Fibroblast growth factor-23 may serve as a novel biomarker for renal osteodystrophy progression
Author(s) -
Si Yan Liu,
Dong Dong Zhang,
Yang Wu,
Huang Huang Luo,
Guang Mei Jiang,
Yao Xu,
Yue Wu,
Xun Xia,
Wei Wei,
Bo Hu,
Peng Hu
Publication year - 2018
Publication title -
international journal of molecular medicine
Language(s) - English
Resource type - Journals
SCImago Journal Rank - 1.048
H-Index - 90
eISSN - 1791-244X
pISSN - 1107-3756
DOI - 10.3892/ijmm.2018.3934
Subject(s) - fibroblast growth factor 23 , renal osteodystrophy , biomarker , fibroblast growth factor , osteoid , medicine , nephrectomy , endocrinology , chemistry , calcium , parathyroid hormone , kidney , kidney disease , biochemistry , receptor
The purpose of the present study was to determine whether fibroblast growth factor (FGF)‑23 could serve as a novel biomarker for renal osteodystrophy (ROD) progression. A rat model of ROD was induced by left nephrectomy plus intravenous injection of Adriamycin. Serum FGF‑23 was determined using an enzyme‑linked immunosorbent assay. Serum level and bone expression of FGF‑23 were both significantly elevated in the ROD group at 24 h post‑surgery.
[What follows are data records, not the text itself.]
(* Let $\lambda>0$ and let $f$ be a bounded, non-constant function belonging to $\mathcal B_{\lambda}$. For $x,y>0$ let $dP_{y,x}$ be the gamma distribution on $(0,\infty)$ with density $\frac{1}{\Gamma(y)}(y/x)^y t^{y-1}e^{-ty/x}$ with respect to Lebesgue measure, and let $g_\lambda(y)=\frac{y^{\lambda}\Gamma(y)}{\Gamma(\lambda+y)}$. (i) If $\lambda\le 1$, then for all $x,y>0$, $$\int_0^\infty f(t)\,dP_{y,x}(t)<f(x).$$ (ii) If $\lambda>1$, then for all $x,y>0$, $$g_\lambda(y)\int_0^\infty f(t)\,dP_{y,x}(t)<f(x).$$
   Context: For $\lambda>0$, $\mathcal B_\lambda$ (generalized Bernstein functions of order $\lambda$) is the class of non-negative functions $f$ on $(0,\infty)$ having derivatives of all orders such that $x\mapsto f'(x)x^{1-\lambda}$ is completely monotonic on $(0,\infty)$. *)

From Stdlib Require Import Reals.
From Coquelicot Require Import Coquelicot.
Open Scope R_scope.

Definition completely_monotonic (h : R -> R) : Prop :=
  forall (n : nat) (x : R), 0 < x ->
    ex_derive_n h n x /\ 0 <= (-1) ^ n * Derive_n h n x.

Definition gen_Bernstein (lambda : R) (f : R -> R) : Prop :=
  (forall x, 0 < x -> 0 <= f x) /\
  (forall (n : nat) (x : R), 0 < x -> ex_derive_n f n x) /\
  completely_monotonic (fun x => Derive f x * Rpower x (1 - lambda)).

Definition Gamma (y : R) : R :=
  RInt_gen (fun t => Rpower t (y - 1) * exp (- t))
           (at_right 0) (Rbar_locally p_infty).

Definition gamma_density (y x t : R) : R :=
  / Gamma y * Rpower (y / x) y * Rpower t (y - 1) * exp (- (t * y / x)).

Definition gamma_expect (f : R -> R) (y x : R) : R :=
  RInt_gen (fun t => f t * gamma_density y x t)
           (at_right 0) (Rbar_locally p_infty).

Definition g_lambda (lambda y : R) : R :=
  Rpower y lambda * Gamma y / Gamma (lambda + y).

From Stdlib Require Import Reals Lra Classical.
From Coquelicot Require Import Coquelicot.
Open Scope R_scope.

(* Let beta = x^(1-l) f'(x) / l be the derivative of f with respect to t^l at x.
   Since t^(1-l) f'(t) is nonincreasing, f(t) - beta t^l increases up to x and decreases
   afterwards, so f(t) <= f(x) + beta (t^l - x^l), strictly somewhere since a bounded f with
   equality everywhere would be constant.  Integrating against P_{y,x}, whose mean is x and
   whose l-th moment is m = (x/y)^l Gamma(y+l) / Gamma(y), gives
   int f dP < f(x) + beta (m - x^l).  By Jensen, m <= x^l when l <= 1, which is (i).  When
   l > 1, m >= x^l and g_l(y) m = x^l, while beta x^l <= f(x) because f >= 0 near 0; hence
   g_l(y) int f dP < g_l(y) f(x) + (1 - g_l(y)) beta x^l <= f(x), which is (ii). *)

Lemma Rpower_pos x e : 0 < Rpower x e.
Proof. apply exp_pos. Qed.

Lemma is_derive_Rpower x e :
  0 < x -> is_derive (fun t => Rpower t e) x (e * Rpower x (e - 1)).
Proof. intros Hx; apply is_derive_Reals, derivable_pt_lim_power, Hx. Qed.

Lemma ex_derive_Rpower x e : 0 < x -> ex_derive (fun t => Rpower t e) x.
Proof. intros Hx; eexists; apply is_derive_Rpower, Hx. Qed.

Lemma Rpower_inv_Rpower a e : 0 < a -> 0 < e -> Rpower (Rpower a (/ e)) e = a.
Proof. intros Ha He. rewrite Rpower_mult, Rinv_l, Rpower_1; lra. Qed.

Lemma Rpower_plus_1 x e : 0 < x -> Rpower x (e + 1) = x * Rpower x e.
Proof. intros Hx. rewrite Rpower_plus, Rpower_1 by exact Hx. ring. Qed.

Lemma le_of_is_derive_nonneg (phi dphi : R -> R) a b : a <= b ->
  (forall t, a <= t <= b -> is_derive phi t (dphi t)) ->
  (forall t, a <= t <= b -> 0 <= dphi t) -> phi a <= phi b.
Proof.
  intros Hab Hd Hpos.
  destruct (MVT_gen phi a b dphi) as [c [Hc Heq]].
  - intros t Ht. rewrite Rmin_left, Rmax_right in Ht by lra. apply Hd; lra.
  - intros t Ht. rewrite Rmin_left, Rmax_right in Ht by lra.
    apply continuity_pt_filterlim, (@ex_derive_continuous R_AbsRing R_NormedModule).
    eexists; apply Hd; lra.
  - rewrite Rmin_left, Rmax_right in Hc by lra.
    pose proof (Hpos c Hc). nra.
Qed.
Serum FGF‑23 was negatively correlated with calcium, phosphate, 25‑hydroxyvitamin D, conventional bone biomarkers and bone collagen X. More importantly, serum FGF‑23 was significantly associated with abnormalities in bone formation rate, osteoblasts, osteoclasts, trabecular volume thickness and osteoid volume. Therefore, FGF‑23 may serve as a novel biomarker for ROD.